Task. Find the lines holding the string "upper" in the data, then copy all of them.

Material for the task.
□ □ □ □
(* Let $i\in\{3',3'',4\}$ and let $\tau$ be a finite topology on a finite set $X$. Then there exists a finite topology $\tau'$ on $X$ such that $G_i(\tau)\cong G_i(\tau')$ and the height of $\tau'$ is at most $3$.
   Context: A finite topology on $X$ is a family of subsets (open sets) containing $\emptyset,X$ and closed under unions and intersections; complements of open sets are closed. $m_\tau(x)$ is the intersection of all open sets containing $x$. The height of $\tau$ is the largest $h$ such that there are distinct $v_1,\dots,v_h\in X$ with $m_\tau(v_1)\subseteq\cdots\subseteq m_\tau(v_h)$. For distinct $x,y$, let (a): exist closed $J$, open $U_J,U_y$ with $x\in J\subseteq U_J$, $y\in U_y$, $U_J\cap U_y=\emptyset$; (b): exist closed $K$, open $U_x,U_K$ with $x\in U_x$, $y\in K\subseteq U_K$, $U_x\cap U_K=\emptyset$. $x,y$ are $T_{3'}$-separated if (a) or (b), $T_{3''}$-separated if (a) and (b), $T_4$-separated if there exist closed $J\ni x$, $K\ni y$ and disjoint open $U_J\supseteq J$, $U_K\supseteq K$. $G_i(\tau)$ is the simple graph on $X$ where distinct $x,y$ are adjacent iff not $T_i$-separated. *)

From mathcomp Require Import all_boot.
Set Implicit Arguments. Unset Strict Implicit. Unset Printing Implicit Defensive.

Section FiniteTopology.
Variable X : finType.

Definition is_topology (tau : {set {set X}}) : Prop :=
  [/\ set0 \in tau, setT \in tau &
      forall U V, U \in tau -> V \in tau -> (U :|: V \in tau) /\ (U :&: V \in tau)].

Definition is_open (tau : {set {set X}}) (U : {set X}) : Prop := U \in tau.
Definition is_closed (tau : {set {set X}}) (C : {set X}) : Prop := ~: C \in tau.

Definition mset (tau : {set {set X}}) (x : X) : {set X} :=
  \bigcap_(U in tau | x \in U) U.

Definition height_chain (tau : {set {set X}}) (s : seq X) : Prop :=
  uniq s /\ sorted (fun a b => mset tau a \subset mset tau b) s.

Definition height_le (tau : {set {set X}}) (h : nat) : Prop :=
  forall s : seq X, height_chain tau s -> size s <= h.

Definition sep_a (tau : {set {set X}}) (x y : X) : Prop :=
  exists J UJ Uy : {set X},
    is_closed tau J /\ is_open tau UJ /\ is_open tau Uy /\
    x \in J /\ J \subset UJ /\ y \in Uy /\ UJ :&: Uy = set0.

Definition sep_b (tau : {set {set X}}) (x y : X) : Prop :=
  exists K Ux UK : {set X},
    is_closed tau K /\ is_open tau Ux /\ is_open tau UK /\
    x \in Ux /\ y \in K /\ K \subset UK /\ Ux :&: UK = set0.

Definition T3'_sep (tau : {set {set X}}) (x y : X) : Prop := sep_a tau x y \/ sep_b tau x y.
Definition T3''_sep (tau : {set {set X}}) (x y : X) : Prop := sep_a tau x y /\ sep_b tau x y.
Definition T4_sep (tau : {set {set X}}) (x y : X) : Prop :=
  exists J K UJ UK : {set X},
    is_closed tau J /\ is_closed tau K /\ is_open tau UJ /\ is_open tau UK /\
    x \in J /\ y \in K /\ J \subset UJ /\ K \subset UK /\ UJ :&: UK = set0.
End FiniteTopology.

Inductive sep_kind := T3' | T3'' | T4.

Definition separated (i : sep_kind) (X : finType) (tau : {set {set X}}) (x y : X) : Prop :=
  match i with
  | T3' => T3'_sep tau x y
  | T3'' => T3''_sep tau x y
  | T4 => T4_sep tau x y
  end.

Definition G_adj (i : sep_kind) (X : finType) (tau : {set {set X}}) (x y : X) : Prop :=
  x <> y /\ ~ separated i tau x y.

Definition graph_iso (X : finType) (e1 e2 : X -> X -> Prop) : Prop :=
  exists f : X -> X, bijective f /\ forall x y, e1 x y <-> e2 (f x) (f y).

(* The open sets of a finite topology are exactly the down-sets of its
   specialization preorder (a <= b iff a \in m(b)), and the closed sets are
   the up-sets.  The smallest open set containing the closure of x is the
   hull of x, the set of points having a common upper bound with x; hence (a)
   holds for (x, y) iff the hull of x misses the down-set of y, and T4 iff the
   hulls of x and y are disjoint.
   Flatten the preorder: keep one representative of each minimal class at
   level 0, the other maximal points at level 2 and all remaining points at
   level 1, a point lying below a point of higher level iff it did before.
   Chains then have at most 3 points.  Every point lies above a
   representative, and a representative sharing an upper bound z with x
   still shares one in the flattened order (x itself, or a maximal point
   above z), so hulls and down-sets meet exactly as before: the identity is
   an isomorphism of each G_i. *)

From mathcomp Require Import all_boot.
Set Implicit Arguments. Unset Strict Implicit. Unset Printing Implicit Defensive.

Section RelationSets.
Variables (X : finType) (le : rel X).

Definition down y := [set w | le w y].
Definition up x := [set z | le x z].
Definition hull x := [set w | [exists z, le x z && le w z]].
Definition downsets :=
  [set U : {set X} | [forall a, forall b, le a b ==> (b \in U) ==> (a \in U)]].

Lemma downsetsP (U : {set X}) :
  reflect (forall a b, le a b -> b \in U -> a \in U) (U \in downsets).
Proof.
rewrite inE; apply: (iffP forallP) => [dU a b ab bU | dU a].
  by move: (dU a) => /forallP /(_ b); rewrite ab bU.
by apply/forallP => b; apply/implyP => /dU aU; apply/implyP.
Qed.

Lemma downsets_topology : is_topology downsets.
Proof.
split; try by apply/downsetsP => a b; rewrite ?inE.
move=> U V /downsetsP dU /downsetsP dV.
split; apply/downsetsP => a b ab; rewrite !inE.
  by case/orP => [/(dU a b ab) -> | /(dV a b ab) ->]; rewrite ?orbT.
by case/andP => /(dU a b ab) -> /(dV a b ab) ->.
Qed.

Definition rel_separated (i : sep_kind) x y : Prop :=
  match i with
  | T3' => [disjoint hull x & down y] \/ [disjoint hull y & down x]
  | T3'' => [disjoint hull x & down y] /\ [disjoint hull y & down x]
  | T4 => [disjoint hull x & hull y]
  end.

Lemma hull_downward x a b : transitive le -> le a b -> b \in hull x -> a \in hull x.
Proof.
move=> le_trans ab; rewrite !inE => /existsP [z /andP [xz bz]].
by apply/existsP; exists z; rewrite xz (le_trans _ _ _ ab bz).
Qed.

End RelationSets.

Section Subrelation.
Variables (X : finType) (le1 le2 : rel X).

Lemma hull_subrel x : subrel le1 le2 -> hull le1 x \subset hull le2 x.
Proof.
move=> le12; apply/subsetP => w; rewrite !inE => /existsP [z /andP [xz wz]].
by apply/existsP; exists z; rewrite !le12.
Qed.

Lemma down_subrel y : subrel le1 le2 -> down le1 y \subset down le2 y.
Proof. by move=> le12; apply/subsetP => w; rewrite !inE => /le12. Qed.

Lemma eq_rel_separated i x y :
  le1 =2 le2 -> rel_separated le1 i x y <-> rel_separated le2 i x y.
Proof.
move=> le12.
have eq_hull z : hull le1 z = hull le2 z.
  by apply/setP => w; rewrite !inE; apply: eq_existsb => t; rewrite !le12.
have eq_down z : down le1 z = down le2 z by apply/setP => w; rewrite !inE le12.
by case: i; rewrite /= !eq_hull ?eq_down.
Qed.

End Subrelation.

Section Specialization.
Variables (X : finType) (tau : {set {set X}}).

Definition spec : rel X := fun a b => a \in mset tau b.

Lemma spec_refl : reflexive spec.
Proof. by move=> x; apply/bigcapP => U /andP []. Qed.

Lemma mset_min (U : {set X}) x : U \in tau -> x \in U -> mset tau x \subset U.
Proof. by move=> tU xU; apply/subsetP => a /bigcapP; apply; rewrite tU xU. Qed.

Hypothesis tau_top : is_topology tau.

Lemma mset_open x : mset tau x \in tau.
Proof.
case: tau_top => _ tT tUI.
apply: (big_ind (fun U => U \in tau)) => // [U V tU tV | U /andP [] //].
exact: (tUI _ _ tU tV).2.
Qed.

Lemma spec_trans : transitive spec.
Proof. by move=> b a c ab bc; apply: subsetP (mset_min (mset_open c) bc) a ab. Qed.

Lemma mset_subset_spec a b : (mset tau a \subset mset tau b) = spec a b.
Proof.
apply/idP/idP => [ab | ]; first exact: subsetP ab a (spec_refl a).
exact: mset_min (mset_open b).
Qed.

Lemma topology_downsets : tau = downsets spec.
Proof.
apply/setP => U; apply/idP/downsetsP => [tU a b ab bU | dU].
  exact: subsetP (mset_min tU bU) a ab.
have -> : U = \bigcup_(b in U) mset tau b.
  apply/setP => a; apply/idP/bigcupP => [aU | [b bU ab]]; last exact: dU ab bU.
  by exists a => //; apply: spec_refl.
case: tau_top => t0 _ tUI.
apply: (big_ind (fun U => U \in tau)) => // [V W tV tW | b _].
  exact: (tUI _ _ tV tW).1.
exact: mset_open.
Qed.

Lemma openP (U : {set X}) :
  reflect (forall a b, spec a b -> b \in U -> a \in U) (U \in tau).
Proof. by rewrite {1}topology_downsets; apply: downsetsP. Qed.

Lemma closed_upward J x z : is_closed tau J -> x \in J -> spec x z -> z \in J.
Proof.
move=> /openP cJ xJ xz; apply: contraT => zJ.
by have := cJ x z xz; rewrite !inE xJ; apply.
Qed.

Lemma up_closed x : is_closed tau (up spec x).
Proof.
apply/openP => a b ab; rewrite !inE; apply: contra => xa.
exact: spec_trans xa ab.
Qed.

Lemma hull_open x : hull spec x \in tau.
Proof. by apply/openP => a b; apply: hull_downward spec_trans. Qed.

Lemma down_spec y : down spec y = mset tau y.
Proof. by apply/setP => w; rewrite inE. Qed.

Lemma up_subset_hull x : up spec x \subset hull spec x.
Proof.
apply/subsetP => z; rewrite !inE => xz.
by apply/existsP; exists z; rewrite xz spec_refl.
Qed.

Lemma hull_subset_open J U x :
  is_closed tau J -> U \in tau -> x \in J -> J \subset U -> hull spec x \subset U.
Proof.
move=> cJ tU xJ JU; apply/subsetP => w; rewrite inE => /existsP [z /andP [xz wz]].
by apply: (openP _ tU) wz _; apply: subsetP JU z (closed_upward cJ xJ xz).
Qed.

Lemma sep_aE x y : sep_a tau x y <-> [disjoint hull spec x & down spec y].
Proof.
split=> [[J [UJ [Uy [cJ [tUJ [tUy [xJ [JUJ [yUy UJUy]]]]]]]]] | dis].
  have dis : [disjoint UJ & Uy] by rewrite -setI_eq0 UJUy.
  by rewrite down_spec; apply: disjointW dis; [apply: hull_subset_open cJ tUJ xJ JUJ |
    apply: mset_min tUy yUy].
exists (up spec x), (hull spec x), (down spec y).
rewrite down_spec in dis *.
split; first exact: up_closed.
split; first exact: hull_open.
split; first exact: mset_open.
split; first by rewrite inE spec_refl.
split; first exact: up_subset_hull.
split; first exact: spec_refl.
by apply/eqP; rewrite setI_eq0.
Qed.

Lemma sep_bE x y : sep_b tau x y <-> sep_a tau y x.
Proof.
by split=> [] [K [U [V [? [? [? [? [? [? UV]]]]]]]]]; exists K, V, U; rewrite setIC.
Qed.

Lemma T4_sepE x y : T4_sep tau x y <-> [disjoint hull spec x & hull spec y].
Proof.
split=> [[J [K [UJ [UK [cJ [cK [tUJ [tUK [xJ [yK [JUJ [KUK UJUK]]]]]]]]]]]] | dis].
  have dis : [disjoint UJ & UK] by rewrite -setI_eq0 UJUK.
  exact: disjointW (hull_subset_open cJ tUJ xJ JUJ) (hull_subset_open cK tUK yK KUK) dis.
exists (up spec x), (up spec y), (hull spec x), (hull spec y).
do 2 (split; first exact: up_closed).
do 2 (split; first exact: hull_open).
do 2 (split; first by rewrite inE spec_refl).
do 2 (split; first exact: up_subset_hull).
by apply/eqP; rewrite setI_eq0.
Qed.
□ □ □ □
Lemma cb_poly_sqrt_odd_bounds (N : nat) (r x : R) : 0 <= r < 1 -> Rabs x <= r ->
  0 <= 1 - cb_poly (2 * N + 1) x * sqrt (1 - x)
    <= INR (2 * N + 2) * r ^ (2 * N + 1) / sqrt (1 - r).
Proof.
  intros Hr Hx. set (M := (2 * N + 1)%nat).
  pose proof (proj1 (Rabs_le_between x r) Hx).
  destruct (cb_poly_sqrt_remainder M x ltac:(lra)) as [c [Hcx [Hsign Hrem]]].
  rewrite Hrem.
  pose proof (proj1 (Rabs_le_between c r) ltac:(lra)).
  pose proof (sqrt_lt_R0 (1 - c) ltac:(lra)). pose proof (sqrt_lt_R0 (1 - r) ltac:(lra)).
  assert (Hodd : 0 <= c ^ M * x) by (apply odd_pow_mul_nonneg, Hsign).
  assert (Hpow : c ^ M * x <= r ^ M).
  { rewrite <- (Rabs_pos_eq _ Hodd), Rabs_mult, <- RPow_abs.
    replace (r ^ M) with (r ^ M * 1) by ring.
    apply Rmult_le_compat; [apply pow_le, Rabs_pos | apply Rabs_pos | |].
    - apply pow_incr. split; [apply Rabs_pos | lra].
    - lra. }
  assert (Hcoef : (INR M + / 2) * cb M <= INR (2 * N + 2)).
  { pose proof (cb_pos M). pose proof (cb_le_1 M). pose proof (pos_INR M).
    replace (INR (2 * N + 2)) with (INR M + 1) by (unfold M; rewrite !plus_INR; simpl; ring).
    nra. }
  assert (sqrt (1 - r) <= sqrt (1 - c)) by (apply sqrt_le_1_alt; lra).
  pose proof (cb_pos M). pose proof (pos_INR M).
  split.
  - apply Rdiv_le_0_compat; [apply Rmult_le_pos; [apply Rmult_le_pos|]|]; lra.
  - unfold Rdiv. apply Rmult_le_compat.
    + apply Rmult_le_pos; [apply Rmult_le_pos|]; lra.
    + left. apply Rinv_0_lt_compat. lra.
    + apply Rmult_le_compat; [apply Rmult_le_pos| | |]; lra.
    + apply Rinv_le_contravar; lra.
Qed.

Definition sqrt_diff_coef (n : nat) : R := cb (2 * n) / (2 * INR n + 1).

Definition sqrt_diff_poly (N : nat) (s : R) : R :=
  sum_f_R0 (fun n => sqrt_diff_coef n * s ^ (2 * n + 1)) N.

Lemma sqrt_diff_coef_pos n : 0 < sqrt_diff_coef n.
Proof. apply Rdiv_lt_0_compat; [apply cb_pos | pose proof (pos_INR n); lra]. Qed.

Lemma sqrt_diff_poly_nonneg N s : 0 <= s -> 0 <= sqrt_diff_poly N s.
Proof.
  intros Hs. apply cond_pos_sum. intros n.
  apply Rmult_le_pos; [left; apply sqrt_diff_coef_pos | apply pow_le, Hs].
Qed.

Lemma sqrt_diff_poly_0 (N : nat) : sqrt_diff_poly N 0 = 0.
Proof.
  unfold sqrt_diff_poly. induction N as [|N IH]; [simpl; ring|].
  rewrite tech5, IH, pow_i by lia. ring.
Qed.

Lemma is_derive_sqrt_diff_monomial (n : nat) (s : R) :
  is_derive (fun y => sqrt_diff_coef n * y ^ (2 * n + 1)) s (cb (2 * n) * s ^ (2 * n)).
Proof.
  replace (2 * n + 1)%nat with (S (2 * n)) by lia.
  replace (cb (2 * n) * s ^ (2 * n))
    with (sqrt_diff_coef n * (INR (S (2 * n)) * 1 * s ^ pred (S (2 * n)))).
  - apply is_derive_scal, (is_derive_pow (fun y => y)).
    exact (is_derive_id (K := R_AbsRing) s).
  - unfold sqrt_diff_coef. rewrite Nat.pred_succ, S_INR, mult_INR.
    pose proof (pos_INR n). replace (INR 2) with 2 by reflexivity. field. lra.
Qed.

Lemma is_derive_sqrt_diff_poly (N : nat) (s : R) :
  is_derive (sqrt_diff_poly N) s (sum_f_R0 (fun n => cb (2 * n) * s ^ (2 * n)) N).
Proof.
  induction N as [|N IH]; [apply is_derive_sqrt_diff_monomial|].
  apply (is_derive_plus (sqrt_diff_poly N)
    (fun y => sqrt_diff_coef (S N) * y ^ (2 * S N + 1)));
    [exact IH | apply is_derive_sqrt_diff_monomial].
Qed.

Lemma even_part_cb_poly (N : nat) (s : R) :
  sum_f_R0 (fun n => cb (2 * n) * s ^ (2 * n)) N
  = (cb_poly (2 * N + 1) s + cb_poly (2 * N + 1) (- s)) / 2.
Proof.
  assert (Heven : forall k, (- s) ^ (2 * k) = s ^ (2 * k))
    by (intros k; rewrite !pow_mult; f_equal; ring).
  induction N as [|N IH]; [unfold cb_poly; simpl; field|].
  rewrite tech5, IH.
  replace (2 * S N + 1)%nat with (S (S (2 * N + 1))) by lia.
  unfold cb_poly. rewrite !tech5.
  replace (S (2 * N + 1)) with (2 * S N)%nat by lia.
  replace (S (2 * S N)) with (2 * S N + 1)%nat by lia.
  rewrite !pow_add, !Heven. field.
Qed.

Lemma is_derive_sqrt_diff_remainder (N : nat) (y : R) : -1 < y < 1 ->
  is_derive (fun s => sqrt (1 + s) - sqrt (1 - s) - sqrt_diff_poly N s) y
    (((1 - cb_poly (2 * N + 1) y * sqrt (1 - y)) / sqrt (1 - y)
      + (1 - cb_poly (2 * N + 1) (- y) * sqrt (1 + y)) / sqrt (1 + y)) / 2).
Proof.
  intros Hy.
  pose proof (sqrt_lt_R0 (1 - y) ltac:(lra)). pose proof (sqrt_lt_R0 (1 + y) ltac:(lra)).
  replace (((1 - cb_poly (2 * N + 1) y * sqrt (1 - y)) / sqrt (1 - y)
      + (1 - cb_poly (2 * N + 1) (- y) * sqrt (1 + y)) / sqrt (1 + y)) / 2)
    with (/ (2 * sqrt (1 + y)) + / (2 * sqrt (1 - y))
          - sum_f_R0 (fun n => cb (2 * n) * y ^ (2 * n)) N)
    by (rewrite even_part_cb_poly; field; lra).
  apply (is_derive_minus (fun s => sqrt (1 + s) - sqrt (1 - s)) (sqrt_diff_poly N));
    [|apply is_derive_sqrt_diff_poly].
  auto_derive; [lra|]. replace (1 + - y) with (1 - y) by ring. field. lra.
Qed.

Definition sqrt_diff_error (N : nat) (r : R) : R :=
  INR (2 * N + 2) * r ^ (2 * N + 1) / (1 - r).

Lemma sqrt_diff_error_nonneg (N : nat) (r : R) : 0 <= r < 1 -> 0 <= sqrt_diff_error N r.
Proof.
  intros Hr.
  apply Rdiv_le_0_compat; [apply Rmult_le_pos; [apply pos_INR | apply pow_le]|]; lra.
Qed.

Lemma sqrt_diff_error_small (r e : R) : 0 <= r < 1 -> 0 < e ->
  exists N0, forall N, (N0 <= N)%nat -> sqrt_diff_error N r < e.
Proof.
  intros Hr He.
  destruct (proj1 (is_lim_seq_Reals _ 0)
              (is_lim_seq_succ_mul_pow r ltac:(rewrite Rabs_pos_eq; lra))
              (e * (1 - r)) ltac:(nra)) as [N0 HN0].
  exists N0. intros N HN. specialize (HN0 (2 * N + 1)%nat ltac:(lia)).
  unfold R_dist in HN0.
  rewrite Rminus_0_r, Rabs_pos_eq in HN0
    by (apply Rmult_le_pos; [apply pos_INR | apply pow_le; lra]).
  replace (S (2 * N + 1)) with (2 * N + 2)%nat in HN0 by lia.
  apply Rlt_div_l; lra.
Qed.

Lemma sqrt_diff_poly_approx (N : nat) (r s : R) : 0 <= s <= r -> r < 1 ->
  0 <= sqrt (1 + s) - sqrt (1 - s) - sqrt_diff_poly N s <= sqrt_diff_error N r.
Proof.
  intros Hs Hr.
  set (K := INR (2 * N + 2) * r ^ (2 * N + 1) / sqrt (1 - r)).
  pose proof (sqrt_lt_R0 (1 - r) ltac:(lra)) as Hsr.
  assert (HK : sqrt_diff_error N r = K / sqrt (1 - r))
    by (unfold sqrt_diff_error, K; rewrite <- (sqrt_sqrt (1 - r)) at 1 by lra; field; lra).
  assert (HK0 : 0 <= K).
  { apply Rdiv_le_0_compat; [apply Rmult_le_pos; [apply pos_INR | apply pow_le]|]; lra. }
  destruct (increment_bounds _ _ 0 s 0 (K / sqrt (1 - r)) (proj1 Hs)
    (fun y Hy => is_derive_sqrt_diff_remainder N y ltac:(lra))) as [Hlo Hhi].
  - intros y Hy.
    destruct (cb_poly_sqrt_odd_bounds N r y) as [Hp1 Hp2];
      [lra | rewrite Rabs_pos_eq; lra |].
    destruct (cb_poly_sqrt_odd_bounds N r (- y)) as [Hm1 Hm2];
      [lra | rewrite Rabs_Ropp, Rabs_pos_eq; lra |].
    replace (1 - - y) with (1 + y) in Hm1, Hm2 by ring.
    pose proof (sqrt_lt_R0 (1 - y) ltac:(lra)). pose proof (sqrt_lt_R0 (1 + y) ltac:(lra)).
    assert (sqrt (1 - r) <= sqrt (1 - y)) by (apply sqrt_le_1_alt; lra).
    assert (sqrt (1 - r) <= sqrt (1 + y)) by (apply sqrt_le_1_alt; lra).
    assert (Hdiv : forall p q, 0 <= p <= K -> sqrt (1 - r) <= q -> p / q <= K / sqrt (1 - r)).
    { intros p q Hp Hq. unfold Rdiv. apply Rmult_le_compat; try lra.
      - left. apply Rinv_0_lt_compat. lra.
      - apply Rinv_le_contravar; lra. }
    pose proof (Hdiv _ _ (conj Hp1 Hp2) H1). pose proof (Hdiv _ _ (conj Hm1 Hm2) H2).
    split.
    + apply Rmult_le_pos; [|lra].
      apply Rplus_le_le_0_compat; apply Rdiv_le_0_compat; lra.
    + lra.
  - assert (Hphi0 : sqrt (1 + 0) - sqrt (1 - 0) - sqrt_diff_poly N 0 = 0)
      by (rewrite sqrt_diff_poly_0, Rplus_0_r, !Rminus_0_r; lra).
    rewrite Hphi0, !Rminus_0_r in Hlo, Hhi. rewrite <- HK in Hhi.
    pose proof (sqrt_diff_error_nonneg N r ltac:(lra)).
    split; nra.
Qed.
□ □ □ □
Worked solution.
   hull of x, the set of points having a common upper bound with x; hence (a)
   representative, and a representative sharing an upper bound z with x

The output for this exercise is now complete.